*** Opening of The input ***
(* Let $(X,\le,\ast)$ be a semiframe and $F\subseteq X$ a semifilter. Then $F$ is regular if and only if $F$ is weakly regular and strongly compatible.
   Context: A semiframe is a triple $(X,\le,\ast)$ where $(X,\le)$ is a complete join-semilattice ($\bot_X=\bigvee\varnothing$) and $\ast$ is a compatibility relation: commutative; $x\ast x$ for every $x\neq\bot_X$; and $x\ast\bigvee Y$ iff $x\ast y$ for some $y\in Y$. A semifilter is a nonempty, up-closed subset $F$ with $y\ast y'$ for all $y,y'\in F$ (compatible). For $F\subseteq X$ write $x\ast F$ when $x\ast y$ for all $y\in F$, and $F^\ast=\{x\in X\mid x\ast F\}$. $F$ is strongly compatible when $F^\ast$ is nonempty and compatible. An element $x$ is transitive when $x\neq\bot_X$ and $x'\ast x\ast x''$ implies $x'\ast x''$. The abstract community of $F$ is $\mathcal K(F)=\bigvee\{z\in X\mid \neg(z\ast c_F)\}$ where $c_F=\bigvee\{y\in X\mid \neg(y\ast F)\}$ (equivalently $\mathcal K(F)=\bigvee\{x\in X\mid x^\ast\subseteq F^\ast\}$ with $x^\ast=\{x'\mid x'\ast x\}$). $F$ is weakly regular when $\mathcal K(F)\in F$, and regular when $\mathcal K(F)\in F$ and $\mathcal K(F)$ is transitive. *)

Record Semiframe := {
  carrier :> Type;
  le : carrier -> carrier -> Prop;
  sup : (carrier -> Prop) -> carrier;
  comp : carrier -> carrier -> Prop;           (* compatibility relation  x * y *)
  le_refl : forall x, le x x;
  le_trans : forall x y z, le x y -> le y z -> le x z;
  le_antisym : forall x y, le x y -> le y x -> x = y;
  sup_ub : forall (Y : carrier -> Prop) y, Y y -> le y (sup Y);
  sup_least : forall (Y : carrier -> Prop) z, (forall y, Y y -> le y z) -> le (sup Y) z;
  comp_sym : forall x y, comp x y -> comp y x;
  comp_refl : forall x, x <> sup (fun _ => False) -> comp x x;
  comp_sup : forall x (Y : carrier -> Prop), comp x (sup Y) <-> exists y, Y y /\ comp x y
}.

Arguments le {_} _ _.
Arguments sup {_} _.
Arguments comp {_} _ _.

Section Defs.
Variable X : Semiframe.

Definition bot : X := sup (fun _ => False).

Definition compatible (F : X -> Prop) : Prop :=
  forall y y', F y -> F y' -> comp y y'.

Definition semifilter (F : X -> Prop) : Prop :=
  (exists x, F x) /\
  (forall x y, F x -> le x y -> F y) /\
  compatible F.

Definition comp_set (x : X) (F : X -> Prop) : Prop := forall y, F y -> comp x y.

Definition star (F : X -> Prop) : X -> Prop := fun x => comp_set x F.

Definition strongly_compatible (F : X -> Prop) : Prop :=
  (exists x, star F x) /\ compatible (star F).

Definition transitive (x : X) : Prop :=
  x <> bot /\ forall x' x'', comp x' x -> comp x x'' -> comp x' x''.

Definition cF (F : X -> Prop) : X := sup (fun y => ~ comp_set y F).

Definition community (F : X -> Prop) : X := sup (fun z => ~ comp z (cF F)).

Definition weakly_regular (F : X -> Prop) : Prop := F (community F).

Definition regular (F : X -> Prop) : Prop :=
  F (community F) /\ transitive (community F).

End Defs.

Arguments bot {_}.
Arguments compatible {_} _.
Arguments semifilter {_} _.
Arguments comp_set {_} _ _.
Arguments star {_} _ _.
Arguments strongly_compatible {_} _.
Arguments transitive {_} _.
Arguments cF {_} _.
Arguments community {_} _.
Arguments weakly_regular {_} _.
Arguments regular {_} _.

(* Write K for the abstract community K(F).  The whole argument rests on one
   observation: anything compatible with K is compatible with all of F, i.e.
   x * K implies x in F^*.  Indeed, if x were not in F^* then x would be one
   of the elements whose join is c_F, so c_F * x; but x * K means x * z for
   some z with not (z * c_F), a contradiction.  Conversely, if K lies in the
   compatible set F then every element of F^* is compatible with K.  Hence,
   when K is in F, the elements of F^* are the elements compatible with K,
   and transitivity of K becomes the same thing as compatibility of F^*.
   The remaining clauses are bookkeeping: K in F makes F^* nonempty (it
   contains K), and K is not bottom since nothing is compatible with bottom. *)

From Stdlib Require Import Classical.

Section Community.
Variable X : Semiframe.

Lemma not_comp_bot (x : X) : ~ comp x bot.
Proof.
  intro Hxbot. apply (proj1 (comp_sup X x _)) in Hxbot.
  destruct Hxbot as [y [[] _]].
Qed.

Lemma compatible_in_star (F : X -> Prop) (x : X) :
  compatible F -> F x -> star F x.
Proof. intros Hcomp Hx y Hy. exact (Hcomp x y Hx Hy). Qed.

Lemma comp_community_in_star (F : X -> Prop) (x : X) :
  comp x (community F) -> star F x.
Proof.
  intro HxK. apply (proj1 (comp_sup X x _)) in HxK.
  destruct HxK as [z [Hz_not_comp_cF Hxz]].
  destruct (classic (comp_set x F)) as [Hx_star | Hx_not_star]; [exact Hx_star |].
  exfalso. apply Hz_not_comp_cF. apply (proj2 (comp_sup X z _)).
  exists x. split; [exact Hx_not_star | apply comp_sym; exact Hxz].
Qed.

Lemma star_compatible_of_transitive (F : X -> Prop) :
  F (community F) -> transitive (community F) -> compatible (star F).
Proof.
  intros HK [_ Htrans] a b Ha Hb.
  apply Htrans; [exact (Ha _ HK) | apply comp_sym; exact (Hb _ HK)].
Qed.

Lemma transitive_of_star_compatible (F : X -> Prop) :
  compatible F -> F (community F) -> compatible (star F) ->
  transitive (community F).
Proof.
  intros Hcomp HK Hstar. split.
  - intro HKbot. apply (not_comp_bot (community F)).
    rewrite <- HKbot. exact (Hcomp _ _ HK HK).
  - intros a b HaK HKb. apply Hstar.
    + exact (comp_community_in_star F a HaK).
    + apply comp_community_in_star, comp_sym. exact HKb.
Qed.

End Community.

Theorem theorem9p29 (X : Semiframe) (F : X -> Prop) :
  semifilter F ->
  (regular F <-> weakly_regular F /\ strongly_compatible F).
Proof.
  intros [_ [_ Hcomp]]. split.
  - intros [HK Htrans]. split; [exact HK |]. split.
    + exists (community F). exact (compatible_in_star X F _ Hcomp HK).
    + exact (star_compatible_of_transitive X F HK Htrans).
  - intros [HK [_ Hstar]]. split; [exact HK |].
    exact (transitive_of_star_compatible X F Hcomp HK Hstar).
Qed.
*** Close of The input ***
Task objective: Start with the line above that contains "sup_least : forall" and stop after the line that contains "Definition strongly_compatible (F". Output those lines exactly, and only those.

Result of the task:
  sup_least : forall (Y : carrier -> Prop) z, (forall y, Y y -> le y z) -> le (sup Y) z;
  comp_sym : forall x y, comp x y -> comp y x;
  comp_refl : forall x, x <> sup (fun _ => False) -> comp x x;
  comp_sup : forall x (Y : carrier -> Prop), comp x (sup Y) <-> exists y, Y y /\ comp x y
}.

Arguments le {_} _ _.
Arguments sup {_} _.
Arguments comp {_} _ _.

Section Defs.
Variable X : Semiframe.

Definition bot : X := sup (fun _ => False).

Definition compatible (F : X -> Prop) : Prop :=
  forall y y', F y -> F y' -> comp y y'.

Definition semifilter (F : X -> Prop) : Prop :=
  (exists x, F x) /\
  (forall x y, F x -> le x y -> F y) /\
  compatible F.

Definition comp_set (x : X) (F : X -> Prop) : Prop := forall y, F y -> comp x y.

Definition star (F : X -> Prop) : X -> Prop := fun x => comp_set x F.

Definition strongly_compatible (F : X -> Prop) : Prop :=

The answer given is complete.